Israelis Say Arab Dead in Jenin Number in Dozens, Not Hundreds
As of this afternoon, the army had yet to allow the Red Cross, the local Red Crescent or the United Nations agency that operates refugee camps into the camp to collect the dead and wounded or to bring relief to the untold numbers of residents hiding in intact buildings.

When reporters moved through the camp with Israeli soldiers, pigeons and chickens were the only living creatures in the streets, but other reporters who had visited the camp on their own found clusters of residents hiding in the darkened, waterless hovels.

After the Supreme Court ruling, the army announced tonight that it would start collecting bodies on Monday with Red Cross observers present. Then, if the Palestinian Red Crescent refused to take possession of the bodies, the army said it would bury them temporarily.
Even then, the full toll is not likely to become known unless the rubble is sifted.

If the death toll is not clear, the destruction is. In the best of times, a Palestinian refugee camp is not a pretty sight. Set up in 1948 to house families displaced in Israel's struggle for independence, they have evolved into tangled alleys of elemental concrete blocks, teeming with children, chickens and the occasional goat. They have also become cauldron of Palestinian resentment; the army said 23 of the last 100 suicide bombers had come from the Jenin camp.

It was through this warren that the bulldozers churned while rockets rained down. Today, the main street through the camp, Al Awde Street, was a muddy trail among sheared-off storefronts, broken slabs of concrete dangling by reinforcing rods, water burbling from broken pipes, tangles of electrical cable and shattered shops spilling goods.

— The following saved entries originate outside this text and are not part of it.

(* Let $k\ge2$ and let $\phi$ be a monotone $[k]$-edge-labeling of $K^{(2)}_n$ that minimizes the number of bad triples among all monotone $[k]$-edge-labelings of $K^{(2)}_n$. Then for every $1\le j\le k-1$, $$|\hat X_{j-1}|+|\hat X_j|\le|\hat X_{j+1}|+|\hat X_{j+2}|+2.$$
   Context: $K^{(2)}_n$ is the complete graph on $[n]$ with its natural order. A $[k]$-edge-labeling $\phi$ assigns to each pair $uv$ ($u<v$) a label $\phi(uv)\in\{1,\dots,k\}$; it is monotone if $\phi(uv)\le\phi(vw)$ whenever $u<v<w$. A triple $u<v<w$ is good if $\phi(uv)<\phi(vw)$ and bad otherwise. Define $\Phi_R(n)=k+1$ and $\Phi_R(v)=\min\{\phi(vw):w>v\}$ for $v<n$. For $0\le i\le k+1$ let $\hat X_i=\{v\in[n]:\Phi_R(v)=i\}$. *)

From mathcomp Require Import all_boot.
Set Implicit Arguments. Unset Strict Implicit. Unset Printing Implicit Defensive.

(* Vertex set [n] = {1,...,n} is represented by 'I_n = {0,...,n-1} with its
   natural order (vertex i+1 <-> ordinal i).  An edge-labeling is a function
   phi : 'I_n -> 'I_n -> nat where phi u v is the label of the pair uv for
   u < v; values at u >= v are irrelevant. *)

Definition edge_labeling (k n : nat) (phi : 'I_n -> 'I_n -> nat) : Prop :=
  forall u v : 'I_n, u < v -> 1 <= phi u v <= k.

Definition monotone (n : nat) (phi : 'I_n -> 'I_n -> nat) : Prop :=
  forall u v w : 'I_n, u < v -> v < w -> phi u v <= phi v w.

Definition bad_triple (n : nat) (phi : 'I_n -> 'I_n -> nat) (u v w : 'I_n) : bool :=
  [&& u < v, v < w & ~~ (phi u v < phi v w)].

Definition num_bad (n : nat) (phi : 'I_n -> 'I_n -> nat) : nat :=
  #|[set t : 'I_n * 'I_n * 'I_n | bad_triple phi t.1.1 t.1.2 t.2]|.

Definition PhiR (k n : nat) (phi : 'I_n -> 'I_n -> nat) (v : 'I_n) : nat :=
  if val v == n.-1 then k.+1
  else \big[minn/k.+1]_(w : 'I_n | v < w) phi v w.

Definition Xhat (k n : nat) (phi : 'I_n -> 'I_n -> nat) (i : nat) : {set 'I_n} :=
  [set v : 'I_n | PhiR k phi v == i].

From mathcomp Require Import all_boot zify.
Set Implicit Arguments. Unset Strict Implicit. Unset Printing Implicit Defensive.

(* Since phi is monotone, Phi_R is nondecreasing along [n].  Given j, let z be
   the last vertex with Phi_R z <= j and put i := Phi_R z.  Relabel the edges
   at z, giving label i to the edges into z and i+1 to the edges out of z, and
   raise to i+2 the labels phi ab = i+1 with Phi_R a = i+1 and Phi_R b >= i+3.
   The result is still monotone; it repairs the bad triples u z w with
   phi uz = phi zw = i and the bad triples u w z with u, w in left_low, and the
   only bad triples it can create are z b c with b in right_next and
   Phi_R c <= i+2.  By minimality of phi,
     |left_i| |right_i| + C(|left_low|, 2)
       <= C(|W|, 2) + |W| (|X_(i+1)| - |W|) + |W| |X_(i+2)|,   W = right_next,
   and with |X_(i-1)| + |X_i| <= |left_i| + |left_low| + 1 and W a subset of
   right_i this gives the inequality at i.  No Phi_R value lies in (i, j], so
   either i = j, or i = j-1 and X_j is empty, or X_(j-1) and X_j are empty. *)

Lemma bigmin_le (I : eqType) (r : seq I) (P : pred I) (F : I -> nat) x w :
  w \in r -> P w -> \big[minn/x]_(i <- r | P i) F i <= F w.
Proof.
elim: r => // a r IH; rewrite inE big_cons => /orP[/eqP <-|wr] Pw.
  by rewrite Pw geq_minl.
case: (P a); last exact: IH.
exact: leq_trans (geq_minr _ _) (IH wr Pw).
Qed.

Lemma bigmin_attained (I : eqType) (r : seq I) (P : pred I) (F : I -> nat) x :
  \big[minn/x]_(i <- r | P i) F i < x ->
  exists2 w, P w & F w = \big[minn/x]_(i <- r | P i) F i.
Proof.
elim/big_ind: _ => [|a b IHa IHb|w Pw _]; [by rewrite ltnn | | by exists w].
by case: (leqP a b) => [le_ab /IHa|lt_ba /IHb];
  rewrite /minn ?ltnNge ?le_ab // lt_ba.
Qed.

Lemma exists_last_ord n (P : pred 'I_n) v :
  P v -> exists2 z, P z & forall w : 'I_n, z < w -> ~~ P w.
Proof.
move=> Pv; case: (@arg_maxnP _ v P val Pv) => z Pz z_max.
by exists z => // w lt_zw; apply: contraTN lt_zw => /z_max; rewrite -leqNgt.
Qed.

Lemma ord_ltn_eqF n (u v : 'I_n) : u < v -> (u == v) = false.
Proof. by move=> lt_uv; rewrite -val_eqE ltn_eqF. Qed.

Lemma ord_gtn_eqF n (u v : 'I_n) : u < v -> (v == u) = false.
Proof. by move=> lt_uv; rewrite -val_eqE gtn_eqF. Qed.

Lemma card_exchange (T : finType) (A B D N : {set T}) :
  D \subset A -> B \subset (A :\: D) :|: N -> #|B| + #|D| <= #|A| + #|N|.
Proof.
move=> sDA sB; have := subset_leq_card sB.
have := (leq_card_setU (A :\: D) N).1.
by rewrite cardsD (setIidPr sDA) => h1 h2; have := subset_leq_card sDA; lia.
Qed.

Lemma card_disjointU (T : finType) (A B : {set T}) :
  [disjoint A & B] -> #|A :|: B| = #|A| + #|B|.
Proof. by move=> dAB; apply/eqP; rewrite (leq_card_setU A B).2. Qed.

Definition pairs n (S : {set 'I_n}) : {set 'I_n * 'I_n} :=
  [set p | [&& p.1 \in S, p.2 \in S & p.1 < p.2]].

Lemma card_pairs n (S : {set 'I_n}) : #|pairs S| = 'C(#|S|, 2).
Proof.
rewrite -cards_draws.
rewrite -(@card_in_imset _ _ (fun p : 'I_n * 'I_n => [set p.1; p.2])).
  apply: eq_card => A; rewrite in_set.
  apply/imsetP/andP => [[[a b]]|[sAS /cards2P[a [b [ab eA]]]]].
    rewrite inE /= => /and3P[aS bS lt_ab] ->; rewrite cards2 neq_ltn lt_ab.
    by split=> //; apply/subsetP => x /set2P[]->.
  subst A; have [aS bS] : a \in S /\ b \in S.
    by rewrite !(subsetP sAS) ?set21 ?set22.
  case: (ltngtP a b) => [lt_ab|lt_ba|/val_inj eq_ab].
  - by exists (a, b); rewrite // inE /= aS bS lt_ab.
  - by exists (b, a); rewrite 1?setUC // inE /= aS bS lt_ba.
  - by rewrite eq_ab eqxx in ab.
move=> [a b] [c d]; rewrite !inE /= => /and3P[_ _ lt_ab] /and3P[_ _ lt_cd] e.
have mem2 (x y w : 'I_n) : x < y -> w \in [set x; y] -> x <= w <= y.
  by move=> ? /set2P[]->; lia.
have ha : c <= a <= d by apply: mem2; rewrite // -e set21.
have hb : c <= b <= d by apply: mem2; rewrite // -e set22.
have hc : a <= c <= b by apply: mem2; rewrite // e set21.
have hd : a <= d <= b by apply: mem2; rewrite // e set22.
by congr pair; apply: ord_inj; lia.
Qed.

Lemma mulnpred_addn m : m * m.-1 + m = m * m.
Proof. by case: m => // m; rewrite mulnS addnC. Qed.

Lemma bin2_double m : 'C(m, 2) * 2 = m * m.-1.
Proof. by rewrite -[m.-1]bin1 mul_bin_diag mulnC. Qed.

Lemma cross_term_lt c rho :
  0 < rho -> 2 * (c * rho) + c < c * c + rho * rho + 5 * rho.
Proof.
move=> rho_gt0; case: (leqP c rho) => [le_c_rho|lt_rho_c].
  have [d de] : exists d, rho = c + d by exists (rho - c); lia.
  by subst rho; nia.
have [d ->] : exists d, c = rho + d.+1 by exists (c - rho).-1; lia.
nia.
Qed.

Plastered walls were dotted with bullet holes. Many windows were shattered and some scorched by heavy explosions.

At one broad square where at least 20 houses had recently stood, the rubble had been bulldozed into tall mounds to clear roads for tanks, one of which lazily swiveled its turret.

If people had been crushed in the wreckage, there was no way to tell. Tanks and bulldozers had rolled over the debris, compacting it and covering it with dust and mud. It was here on Tuesday, Israeli officers said, that the soldiers walked into the trap.